> _Task prompt_
Please reproduce, exactly and in full, the lines running from the one that contains "(* mass-lumped inner products and norms *)" to the end of the entries.

[Stored data entries]
....................

(* For the fully discrete finite element scheme described in the context, with $Q_h^{n-1},Q_h^n$ (and hence, as the scheme preserves these properties, $Q_h^{n+1}$) symmetric and trace-free, define $$E^{n+1}=\frac\sigma2\|D_t^+Q_h^n\|_h^2+\frac{L_1}{2}\|\nabla Q_h^{n+1}\|_{L^2}^2+\frac{L_2+L_3}{2}\|\operatorname{div}Q_h^{n+1}\|_{L^2}^2+\frac12\|r_h^{n+1}\|_h^2.$$ Then $$E^{n+1}-E^n=-\Delta t\|D_t^+Q_h^n\|_h^2-\frac\sigma2\|D_t^+Q_h^n-D_t^+Q_h^{n-1}\|_h^2.$$
   Context: Setting: $\Omega\subset\mathbb{R}^d$ ($d\in\{2,3\}$) bounded domain; constants $L_1>0$, $L_2+L_3\ge0$, $a,b\in\mathbb{R}$, $c>0$, $\sigma>0$, $A_0$ such that $\frac a2\operatorname{tr}(Q^2)-\frac b3\operatorname{tr}(Q^3)+\frac c4\operatorname{tr}^2(Q^2)+A_0>0$ for all symmetric trace-free $Q$. $f(Q)=aQ-b[Q^2-\frac1d\operatorname{tr}(Q^2)I]+c\operatorname{tr}(Q^2)Q$, $r(Q)=\sqrt{2(\frac a2\operatorname{tr}(Q^2)-\frac b3\operatorname{tr}(Q^3)+\frac c4\operatorname{tr}^2(Q^2)+A_0)}$, $P(Q)=f(Q)/r(Q)$; $(\operatorname{div}Q)_j=\sum_k\partial_kQ_{jk}$. Discretization: $\mathfrak T_h$ conforming shape-regular quasi-uniform triangulation, interior nodes $z\in\mathcal N^h$, hat functions $\varphi_z$; $\mathcal S^h$ = matrix-valued, $\mathcal T^h$ = scalar continuous piecewise linear functions vanishing on $\partial\Omega$. Mass-lumped inner product $\langle W^1,W^2\rangle_h=\sum_z\gamma_zW^1(z):W^2(z)$, $\gamma_z=\int_\Omega\varphi_z$, norm $\|\cdot\|_h$ (same for scalars). $\langle\alpha(W^1),W^2\rangle_h:=-\int_\Omega\sum_{i,j,k}(\partial_kW^1_{jk}\partial_iW^2_{ij}+\partial_kW^1_{ik}\partial_jW^2_{ij})dx+\frac2d\int_\Omega\sum_{i,j,k,\ell}\partial_\ell W^1_{k\ell}\partial_kW^2_{ij}\delta_{ij}dx$. $D_t^\pm$ forward/backward difference quotients with step $\Delta t$, $g^{n+1/2}=(g^{n+1}+g^n)/2$, $\langle\alpha_h^{n+1/2},\Phi\rangle_h=\frac12(\langle\alpha(Q_h^{n+1}),\Phi\rangle_h+\langle\alpha(Q_h^n),\Phi\rangle_h)$. Scheme: for all $\Phi_h\in\mathcal S^h,\psi_h\in\mathcal T^h$, $\langle D_t^+Q_h^n,\Phi_h\rangle_h=-\sigma\langle D_t^-D_t^+Q_h^n,\Phi_h\rangle_h-L_1\langle\nabla Q_h^{n+1/2},\nabla\Phi_h\rangle_{L^2}+\frac{L_2+L_3}{2}\langle\alpha_h^{n+1/2},\Phi_h\rangle_h-\langle r_h^{n+1/2}P(Q_h^n),\Phi_h\rangle_h$, $\langle r_h^{n+1}-r_h^n,\psi_h\rangle_h=\langle P(Q_h^n):(Q_h^{n+1}-Q_h^n),\psi_h\rangle_h$. *)

From mathcomp Require Import all_boot all_order all_algebra.
From mathcomp Require Import reals.
Set Implicit Arguments. Unset Strict Implicit. Unset Printing Implicit Defensive.
Import Order.TTheory GRing.Theory Num.Theory.
Local Open Scope ring_scope.

Section FEM.
Variables (R : realType) (d : nat).
(* Mesh data: a finite set of nodes N with coordinates in R^d (row vectors),
   a finite set of elements E (d-simplices), each given by its d+1 vertices. *)
Variables (N E : finType) (coord : N -> 'rV[R]_d) (vert : E -> 'I_d.+1 -> N).

Definition edge_mx (T : E) : 'M[R]_d :=
  \matrix_(k < d, a < d) (coord (vert T (lift ord0 k)) 0 a - coord (vert T ord0) 0 a).

Definition vol (T : E) : R := `|\det (edge_mx T)| / (d`!)%:R.

Definition triangulation : Prop :=
  [/\ forall T, injective (vert T),
      forall T, \det (edge_mx T) != 0
    & forall z, exists T j, vert T j = z].

(* Constant gradient on T of the barycentric coordinate lambda_j^T
   (the restriction of the hat function of node vert T j to T):
   for x in T,  x - v_0 = sum_k lambda_{k+1}(x) (v_{k+1}-v_0),
   i.e. (lambda_1..lambda_d)(x) = (x - v_0) * edge_mx^{-1}. *)
Definition glam (T : E) (j : 'I_d.+1) (a : 'I_d) : R :=
  match unlift ord0 j with
  | Some k => invmx (edge_mx T) a k
  | None => - \sum_(k < d) invmx (edge_mx T) a k
  end.

Definition verts (T : E) : {set N} := [set vert T j | j : 'I_d.+1].
Definition face (T : E) (j : 'I_d.+1) : {set N} := [set vert T j' | j' in [set~ j]].
Definition bface (F : {set N}) : bool := #|[set T | [exists j, face T j == F]]| == 1%N.
Definition bnode (z : N) : bool := [exists T, exists j, (z \in face T j) && bface (face T j)].
Definition inode (z : N) : bool := ~~ bnode z.

(* Finite element functions are given by nodal values.
   S^h: matrix-valued P1 functions vanishing on the boundary;
   T^h: scalar-valued P1 functions vanishing on the boundary. *)
Definition in_Sh (W : N -> 'M[R]_d) : Prop := forall z, bnode z -> W z = 0.
Definition in_Th (w : N -> R) : Prop := forall z, bnode z -> w z = 0.

Definition frob (A B : 'M[R]_d) : R := \sum_(i < d) \sum_(j < d) A i j * B i j.

(* gamma_z = int_Omega phi_z = sum_{T containing z} |T| / (d+1) *)
Definition gam (z : N) : R := \sum_(T | z \in verts T) vol T / (d.+1)%:R.

(* mass-lumped inner products and norms *)
Definition ipS (W1 W2 : N -> 'M[R]_d) : R :=
  \sum_(z | inode z) gam z * frob (W1 z) (W2 z).
Definition ipT (w1 w2 : N -> R) : R := \sum_(z | inode z) gam z * (w1 z * w2 z).
Definition nrmS2 (W : N -> 'M[R]_d) : R := ipS W W.
Definition nrmT2 (w : N -> R) : R := ipT w w.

....................

> _Result of the exercise_
(* mass-lumped inner products and norms *)
Definition ipS (W1 W2 : N -> 'M[R]_d) : R :=
  \sum_(z | inode z) gam z * frob (W1 z) (W2 z).
Definition ipT (w1 w2 : N -> R) : R := \sum_(z | inode z) gam z * (w1 z * w2 z).
Definition nrmS2 (W : N -> 'M[R]_d) : R := ipS W W.
Definition nrmT2 (w : N -> R) : R := ipT w w.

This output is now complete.